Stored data
★ ★ ★ ★

(* Let $G$ be a graph that has a vertex $v$ such that $G-v$ is acyclic. Then for every $k\ge 2$ and every $r\ge 3$, $R_r(\mathcal{B}(G),k)\le 4k|V(G)|+r-2$.
   Context: For a graph $G$, a hypergraph $H$ is a Berge-$G$ hypergraph if there are an injective map $\phi:V(G)\to V(H)$ and pairwise distinct hyperedges $e_{xy}\in E(H)$, one for each $xy\in E(G)$, with $\phi(x),\phi(y)\in e_{xy}$. $\mathcal{B}(G)$ denotes the family of all Berge-$G$ hypergraphs. For a family $\mathcal{H}$ of $r$-uniform hypergraphs, $R_r(\mathcal{H},k)$ is the smallest $n$ such that every $k$-coloring of the hyperedges of the complete $r$-uniform hypergraph $K_n^r$ contains a monochromatic subhypergraph belonging to $\mathcal{H}$. *)

From mathcomp Require Import all_boot.
Set Implicit Arguments. Unset Strict Implicit. Unset Printing Implicit Defensive.

Definition simple_graph (T : finType) (g : rel T) : Prop :=
  symmetric g /\ irreflexive g.

(* The graph G - v is acyclic: there is no cycle (a duplicate-free closed
   g-walk on at least 3 vertices) avoiding v. *)
Definition acyclic_minus (T : finType) (g : rel T) (v : T) : Prop :=
  forall c : seq T, 3 <= size c -> v \notin c -> uniq c -> ~~ cycle g c.

Definition edge_set (T : finType) (g : rel T) : {set {set T}} :=
  [set [set x; y] | x in T, y in T & g x y].

(* A k-colouring of the hyperedges of K_n^r: a map from subsets of 'I_n
   (only the r-subsets matter) to colours 'I_k.
   [mono_berge g r col] : there is a colour c and a Berge-G hypergraph all of
   whose hyperedges are r-subsets of 'I_n (edges of K_n^r) of colour c. *)
Definition mono_berge (T : finType) (g : rel T) (r n k : nat)
    (col : {set 'I_n} -> 'I_k) : Prop :=
  exists (c : 'I_k) (phi : T -> 'I_n) (eh : {set T} -> {set 'I_n}),
    [/\ injective phi,
        {in edge_set g &, injective eh} &
        forall x y, g x y ->
          [/\ phi x \in eh [set x; y], phi y \in eh [set x; y],
              #|eh [set x; y]| = r & col (eh [set x; y]) = c]].

Definition berge_ramsey_prop (T : finType) (g : rel T) (r k n : nat) : Prop :=
  forall col : {set 'I_n} -> 'I_k, mono_berge g r col.

From mathcomp Require Import all_boot zify.
Set Implicit Arguments. Unset Strict Implicit. Unset Printing Implicit Defensive.

(* Fix a set S of r - 2 vertices of K_n^r containing the image x of v. The
   hyperedges S + {a, b} with a, b outside S form a k-coloured complete graph on
   4k|V(G)| vertices, so some colour class has average degree above
   4(|V(G)| - 2) and hence a subgraph of minimum degree above 2(|V(G)| - 2).
   Removing leaves one by one, the forest G - v embeds greedily into that
   subgraph so that each vertex y gets an image phi y and a private neighbour
   psi y.  An edge yz of G - v is realised by S + {phi y, phi z} and an edge vz
   by S + {phi z, psi z}; all these hyperedges are distinct. *)

Section ForestLeaf.
Variables (T : finType) (g : rel T) (v : T).
Hypotheses (g_sym : symmetric g) (g_irr : irreflexive g).
Hypothesis g_acyclic : acyclic_minus g v.

Lemma exists_maximal_path (A : {set T}) x p :
  all (mem A) (x :: p) -> uniq (x :: p) -> path g x p ->
  exists x' p', [/\ all (mem A) (x' :: p'), uniq (x' :: p'), path g x' p' &
    {in A, forall y, g x' y -> y \in x' :: p'}].
Proof.
have [n] := ubnP (#|T| - size (x :: p)); elim: n x p => // n IHn x p lt_n Ap up gp.
case: (boolP [exists y in A, g x y && (y \notin x :: p)]); last first.
  rewrite negb_exists_in => /forallP maxp; exists x, p; split=> // y yA gxy.
  by have := maxp y; rewrite yA gxy negbK.
case/exists_inP=> y yA /andP[gxy yNp].
have uyp : uniq (y :: x :: p) by rewrite /= yNp.
have /card_uniqP size_yp := uyp; have := max_card (mem (y :: x :: p)).
rewrite size_yp => le_yp_T.
apply: (IHn y (x :: p)); first by move: lt_n le_yp_T => /=; lia.
- by rewrite /= yA.
- exact: uyp.
- by rewrite /= g_sym gxy.
Qed.

Lemma path_neighbour_head x p w : uniq (x :: p) -> path g x p -> v \notin x :: p ->
  w \in p -> g x w -> w = head x p.
Proof.
move=> uxp gxp vNp wp gxw; case: (eqVneq w (head x p)) => // w_head; exfalso.
set i := index w p.
have ip : i < size p by rewrite index_mem.
have i_gt0 : 0 < i.
  rewrite lt0n; apply: contraNneq w_head => i0.
  by rewrite -(nth_index x wp) -/i i0 nth0.
have size_c : 3 <= size (x :: take i.+1 p) by rewrite /= (size_takel ip); lia.
have vNc : v \notin x :: take i.+1 p.
  by apply: contra vNp; rewrite !inE => /orP[-> //|/mem_take ->]; rewrite orbT.
have /negP[] := g_acyclic size_c vNc (take_uniq i.+2 uxp).
rewrite /= rcons_path take_path //= (last_nth x) (size_takel ip) /=.
by rewrite nth_take // nth_index // g_sym gxw.
Qed.

Lemma forest_leaf (A : {set T}) : v \notin A -> A != set0 ->
  exists2 u, u \in A & {in A &, forall y z, g u y -> g u z -> y = z}.
Proof.
move=> vNA /set0Pn[x0 x0A].
have [|x [p [Axp uxp gxp maxp]]] := @exists_maximal_path A x0 [::] _ isT isT.
  by rewrite /= x0A.
have vNxp : v \notin x :: p by apply: contra vNA => /(allP Axp).
have nbr_head y : y \in A -> g x y -> y = head x p.
  move=> yA gxy; have yp : y \in p.
    by have := maxp y yA gxy; rewrite inE => /orP[/eqP xy|//]; move: gxy; rewrite -xy g_irr.
  exact: path_neighbour_head uxp gxp vNxp yp gxy.
exists x; first by case/andP: Axp.
by move=> y z yA zA gxy gxz; rewrite (nbr_head y yA gxy) (nbr_head z zA gxz).
Qed.

End ForestLeaf.

Section MinDegreeSubgraph.
Variables (U : finType) (adj : rel U).
Hypothesis adj_sym : symmetric adj.

Definition deg (W : {set U}) a := #|[set b in W | adj a b]|.

Lemma deg_setD1 W a b : deg W b <= deg (W :\ a) b + adj b a.
Proof.
rewrite /deg (cardsD1 a [set c in W | adj b c]) inE addnC.
have -> : [set c in W | adj b c] :\ a = [set c in W :\ a | adj b c].
  by apply/setP => c; rewrite !inE andbA.
by rewrite leq_add2l; case: (a \in W); case: (adj b a).
Qed.

Lemma sum_deg_setD1 (W : {set U}) a : a \in W ->
  \sum_(b in W) deg W b <= \sum_(b in W :\ a) deg (W :\ a) b + 2 * deg W a.
Proof.
move=> aW; rewrite (bigD1 a aW) /= addnC mulSn mul1n addnA leq_add2r.
have -> : \sum_(b in W | b != a) deg W b = \sum_(b in W :\ a) deg W b.
  by apply: eq_bigl => b; rewrite !inE andbC.
have nbr_a : \sum_(b in W :\ a) (adj b a : nat) <= deg W a.
  rewrite /deg -sum1_card big_mkcond /= [X in _ <= X]big_mkcond /= leq_sum // => b _.
  by rewrite !inE adj_sym; case: (b == a); case: (b \in W); case: (adj a b).
apply: leq_trans (leq_add (leqnn _) nbr_a); rewrite -big_split leq_sum // => b _.
exact: deg_setD1.
Qed.

Lemma exists_subgraph_min_degree t (W : {set U}) :
  2 * t * #|W| < \sum_(a in W) deg W a ->
  exists2 W', W' != set0 & {in W', forall a, t < deg W' a}.
Proof.
have [n] := ubnP #|W|; elim: n W => // n IHn W lt_W dense.
case: (boolP [exists a in W, deg W a <= t]) => [/exists_inP[a aW low_a]|]; last first.
  rewrite negb_exists_in => /forallP high; exists W => [|a aW].
    by apply: contraTneq dense => ->; rewrite big_set0.
  by have := high a; rewrite aW ltnNge.
have card_Wa := cardsD1 a W; rewrite aW in card_Wa.
apply: (IHn (W :\ a)); first by lia.
by have := sum_deg_setD1 aW; lia.
Qed.
End MinDegreeSubgraph.

Section PrivateEmbedding.
Variables (U : finType) (adj : rel U) (W : {set U}) (t : nat) (w0 : U).
Hypotheses (adj_sym : symmetric adj) (adj_irr : irreflexive adj).
Hypotheses (w0W : w0 \in W) (W_min_deg : {in W, forall a, t < deg adj W a}).
Variables (T : finType) (g : rel T) (v : T).
Hypotheses (g_sym : symmetric g) (g_irr : irreflexive g).
Hypothesis g_leaf : forall A : {set T}, v \notin A -> A != set0 ->
  exists2 u, u \in A & {in A &, forall y z, g u y -> g u z -> y = z}.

★ ★ ★ ★

**WORK TASK**
Above are some lines. Repeat exactly, and only, those from the line that has "case: (boolP [exists y" through the line that has "by apply: contra vNp;".

**ANSWER SPACE**
case: (boolP [exists y in A, g x y && (y \notin x :: p)]); last first.
  rewrite negb_exists_in => /forallP maxp; exists x, p; split=> // y yA gxy.
  by have := maxp y; rewrite yA gxy negbK.
case/exists_inP=> y yA /andP[gxy yNp].
have uyp : uniq (y :: x :: p) by rewrite /= yNp.
have /card_uniqP size_yp := uyp; have := max_card (mem (y :: x :: p)).
rewrite size_yp => le_yp_T.
apply: (IHn y (x :: p)); first by move: lt_n le_yp_T => /=; lia.
- by rewrite /= yA.
- exact: uyp.
- by rewrite /= g_sym gxy.
Qed.

Lemma path_neighbour_head x p w : uniq (x :: p) -> path g x p -> v \notin x :: p ->
  w \in p -> g x w -> w = head x p.
Proof.
move=> uxp gxp vNp wp gxw; case: (eqVneq w (head x p)) => // w_head; exfalso.
set i := index w p.
have ip : i < size p by rewrite index_mem.
have i_gt0 : 0 < i.
  rewrite lt0n; apply: contraNneq w_head => i0.
  by rewrite -(nth_index x wp) -/i i0 nth0.
have size_c : 3 <= size (x :: take i.+1 p) by rewrite /= (size_takel ip); lia.
have vNc : v \notin x :: take i.+1 p.
  by apply: contra vNp; rewrite !inE => /orP[-> //|/mem_take ->]; rewrite orbT.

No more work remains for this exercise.